Wednesday, January 23, 2008

La Mano Oculta


Sitting in Economics...


Walking in the direction of the endless hall of the second floor of the campus feels worthless. The bright incandescent light, the white parallel walls that don’t say anything, the coldness in the building…it is all organized, manipulated, stated; I don’t belong here. The class begins. The teacher starts talking about how the Fed has cut interest rates in order to impose an expansionary fiscal policy that would create money, put money into the economic system, which in cause will slow down or stop the recession that we are going through. He said it was pointless though, because apparently he is an expert. But now my pencil falls, in the middle of the class, in the middle of nowhere, where we are. The reaction hits, I put all my vigor in the thought, I compete against my own will, go down, and seize the pen, which was waiting for the right occasion to escape. My head then falls against one of those miserable walls. The wall rejects me, the pencil too. My eyes start to impose, they don’t like hearing all of this nonsense talking, they dislike the feeling of being tough unimportant things, lies, and they don’t like to be undermined.
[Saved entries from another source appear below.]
Section sensitivity.
Context {R : realType} {d : measure_display} {Omega : measurableType d}.
Variable P : probability Omega R.
Variable n : nat.
(* covariates X in R^n (tuples with the product = Borel sigma-algebra),
   outcome Y, binary treatment Z *)
Variables (X : Omega -> n.-tuple R) (Y : Omega -> R) (Z : Omega -> bool).

Definition Zr (w : Omega) : R := (Z w)%:R.

(* e is a version of the propensity score e(x) = P(Z = 1 | X = x),
   with 0 < e(X) < 1 a.s. *)
Definition is_propensity (e : n.-tuple R -> R) : Prop :=
  measurable_fun setT e /\
  (forall B : set (n.-tuple R), measurable B ->
     (\int[P]_(w in X @^-1` B) (Zr w)%:E = \int[P]_(w in X @^-1` B) (e (X w))%:E)%E) /\
  {ae P, forall w, 0 < e (X w) < 1}.

(* F is a (regular) version of the conditional c.d.f.
   F y x z = P(Y <= y | X = x, Z = z) *)
Definition is_cond_cdf (F : R -> n.-tuple R -> bool -> R) : Prop :=
  (forall x z, {homo (fun y => F y x z) : a b / a <= b}) /\
  (forall x z y, F q x z @[q --> y^'+] --> F y x z) /\
  (forall x z, F q x z @[q --> -oo] --> (0 : R)) /\
  (forall x z, F q x z @[q --> +oo] --> (1 : R)) /\
  (forall y z, measurable_fun setT (fun x => F y x z)) /\
  (forall y z (B : set (n.-tuple R)), measurable B ->
     P (X @^-1` B `&` Z @^-1` [set z] `&` [set w | Y w <= y]) =
     (\int[P]_(w in X @^-1` B `&` Z @^-1` [set z]) (F y (X w) z)%:E)%E).

Definition cond_quantile (F : R -> n.-tuple R -> bool -> R) (t : R)
  (x : n.-tuple R) (z : bool) : R := inf [set q : R | t <= F q x z].

Definition odds (p : R) : R := p / (1 - p).

Definition E_infty (e : n.-tuple R -> R) (Lambda : R) (Eb : Omega -> R) : Prop :=
  measurable_fun setT Eb /\
  {ae P, forall w, Lambda^-1 <= odds (Eb w) / odds (e (X w)) <= Lambda}.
So I wait for the right occasion to liberate my mind, to fly somewhere else where the walls aren’t white and parallel and straight and tall. I go to that part of my mind where there’s no reason, where things don’t necessarily make sense. And here I stay, I see the person that’s sitting behind me here, she seems to be in the same state of mine, I am relieved. She pulls out a notebook and starts writing, she vigorously writes, so intensively. The power in her hand takes over her; she struggles, but keeps writing. The blond hair on her face now blows against her black-painted eyes, cupid eyes. She looks at me, and smiles. I return the smile, and believe her. I believe her passion, the power of these true things, these true feelings. And she believes me too, she also believes how inconsiderate and repugnant supply and demand could be, how the consumer surplus is a total waste of people’s energy and time, how the allocation of resources is so unfair since not everyone really gets the same amount of anything, even though we’re all living in the same planet, under the same natural resources. And she blushes, she reddens because the feeling is mutual, because we both think that the ideals of economics go against our own, and we cover it with intelligence, knowledge and some self-control. Now my pen falls again, only that this time I don’t care. I let it be.
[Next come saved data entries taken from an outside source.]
Lemma kerG_shift_kerR d f G H : (0 < d)%N -> msize f = d.+1 -> kerG d f G H ->
  exists c, kerR d f (G - c *: f^`M(varX)) (H - c *: f^`M(varY)).
Proof.
move=> d_gt0 f_d GH_ker; have [fX_d [fY_d fGR0]] := partials_kerG f_d.
have [G_d [H_d GR0]] := GH_ker; have lf_d := mdeg_mlead_msize f_d.
have ef_neq0 : (euler f)@_(mlead f) != 0.
  by apply: (mcoeff_euler_mlead_neq0 char0); rewrite lf_d.
(* [c] cancels the coefficient of [mlead f] in [X G' + Y H']. *)
exists ((xy_comb G H)@_(mlead f) / (euler f)@_(mlead f)).
set c := _ / _; rewrite -!scaleNr ![_ + _ *: _]addrC.
set G' := _ + G; set H' := _ + H.
have G'_d : (msize G' <= d)%N by apply: msize_scale_add_le.
have H'_d : (msize H' <= d)%N by apply: msize_scale_add_le.
have GR0' : GRop f G' H' = 0 by rewrite GRopZD fGR0 GR0 scaler0 addr0.
have E'_lead0 : (xy_comb G' H')@_(mlead f) = 0.
  by rewrite xy_combZD mcoeffD mcoeffZ -euler_xy_comb mulNr divfK // addNr.
split=> //; split=> //; split=> //; rewrite -/(xy_comb G' H').
have [//|E'_gt] := leqP (msize (xy_comb G' H')) d.
have E'_d : msize (xy_comb G' H') = d.+1.
  by apply/eqP; rewrite eqn_leq E'_gt msize_xy_comb.
have : xy_comb G' H' != 0 by rewrite -msize_poly_eq0 E'_d.
have G'H'_ker : kerG d f G' H' by split; [|split].
by rewrite -mleadc_eq0 (mlead_xy_comb_kerG d_gt0 f_d G'H'_ker E'_d) E'_lead0 eqxx.
Qed.

End Plane.

Section KernelDimension.
Variable K : fieldType.
Local Notation P := {mpoly K[2]}.
Local Notation V := (P * P)%type.

Definition kerR_pair nu (f : P) (v : V) : Prop := kerR nu f v.1 v.2.

Lemma subspace_kerR nu f : subspace (kerR_pair nu f).
Proof.
split.
  rewrite /kerR_pair /kerR /Defs.inE /GRop /= !mderiv0 !mulr0 !mul0r addr0 msize0.
  by split; [|rewrite !subrr addr0].
move=> a [G1 H1] [G2 H2] [[G1_nu [H1_nu E1_nu]] GR1] [[G2_nu [H2_nu E2_nu]] GR2].
split; last by rewrite /= GRopZD GR1 GR2 scaler0 addr0.
have E_nu : (msize (xy_comb (a *: G1 + G2) (a *: H1 + H2)) <= nu)%N.
  by rewrite xy_combZD; apply: msize_scale_add_le.
by split; [|split]; [apply: msize_scale_add_le | apply: msize_scale_add_le | exact: E_nu].
Qed.

Definition monomial_pairs nu : seq V :=
  [seq ('X_[bmnm m], 0) | m <- index_enum 'X_{1..2 < nu}] ++
  [seq (0, 'X_[bmnm m]) | m <- index_enum 'X_{1..2 < nu}].

Lemma kerR_in_span nu f v : kerR_pair nu f v -> in_span (monomial_pairs nu) v.
Proof.
case: v => [G H] [[/= G_nu [H_nu _]] _].
have -> : (G, H) = \sum_(m : 'X_{1..2 < nu}) G@_m *: ('X_[bmnm m], 0)
                   + \sum_(m : 'X_{1..2 < nu}) H@_m *: (0, 'X_[bmnm m]) :> V.
  have sum0 (c : 'X_{1..2 < nu} -> K) : \sum_m c m *: (0 : P) = 0.
    by apply: big1 => m _; exact: scaler0.
  apply/eqP; rewrite xpair_eqE !raddf_sum /= !sum0 addr0 add0r.
  by rewrite -!mpolywE // !eqxx.
apply: in_spanD; apply: in_span_sum => m; apply: in_span_mem.
  by rewrite mem_cat map_f ?mem_index_enum.
by rewrite mem_cat orbC map_f ?mem_index_enum.
Qed.

Lemma kerR_basis nu f : exists k (b : 'I_k -> V), basis_of (kerR_pair nu f) b.
Proof. exact: subspace_basis (subspace_kerR nu f) (@kerR_in_span nu f). Qed.

Lemma has_dim_basis (S : P -> P -> Prop) k (b : 'I_k -> V) :
  basis_of (fun v : V => S v.1 v.2) b -> has_dim S k.
Proof.
move=> [Sb b_free b_span]; exists (fun i => (b i).1), (fun i => (b i).2).
split=> //; split=> [c c1 c2|G H /(b_span (G, H)) [c cE]].
  by apply: b_free; apply/pair_eqP; rewrite /pair_eq !raddf_sum /= c1 c2 eqxx.
by exists c; split; [move/(congr1 fst): cE | move/(congr1 snd): cE]; rewrite raddf_sum.
Qed.

End KernelDimension.

Theorem proposition1p5 (K : closedFieldType) (f : {mpoly K[2]}) (d : nat) :
  [pchar K] =i pred0 ->
  (1 <= d)%N -> msize f = d.+1 ->
  (exists a b : nat,
      has_dim (kerR d f) a /\ has_dim (kerG d f) b /\ a = (b - 1)%N) /\
  (forall nu : nat, (d < nu)%N ->
    exists a b : nat,
      has_dim (kerR nu f) a /\ has_dim (kerG nu.-1 f) b /\ a = b).
Proof.
move=> char0 d_gt0 f_d; split.
  have [k [b b_basis]] := kerR_basis d f.
  exists k, k.+1; split; first exact: has_dim_basis b_basis.
  split; last by rewrite subn1.
  apply: has_dim_basis (cons_basis b (f^`M(varX), f^`M(varY))) _.
  apply: basis_of_cons (subspace_kerR d f) b_basis _ _ _ _.
  - by move=> v /kerR_sub_kerG.
  - exact: partials_kerG.
  - exact: partials_notin_kerR.
  - by move=> [G H] /(kerG_shift_kerR char0 d_gt0 f_d).
move=> nu d_nu; have [k [b b_basis]] := kerR_basis nu f.
exists k, k; split; first exact: has_dim_basis b_basis.
split=> //; apply: has_dim_basis; apply: eq_basis_of b_basis => v.
exact: kerR_iff_kerG f_d d_nu.
Qed.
The teacher talks. He forcefully says: “It is not from the benevolence of the butcher, the brewer, of the baker, that we expect our dinner, but from the regard to their own interest” –Adam Smith. He says how the so-called “father of economics” put all of these words together, but how everyone could’ve done that. And I believe him too. He wants change and I can tell. But the change starts from within, and he is unhappy, he lies to himself because of all of these nonsense views about the world, the false perspective that economics is a social science that carries morals, because I truly believe it does not.
After navigating minds, I come back to my sit, where everything was just as I left them. I look around, my pencil on the floor, the impacted faces of everyone that eats the lecture, the presentation that just ended. I look back, the girl glances at me, she is back too. I get up, grab my pencil, and head to the door.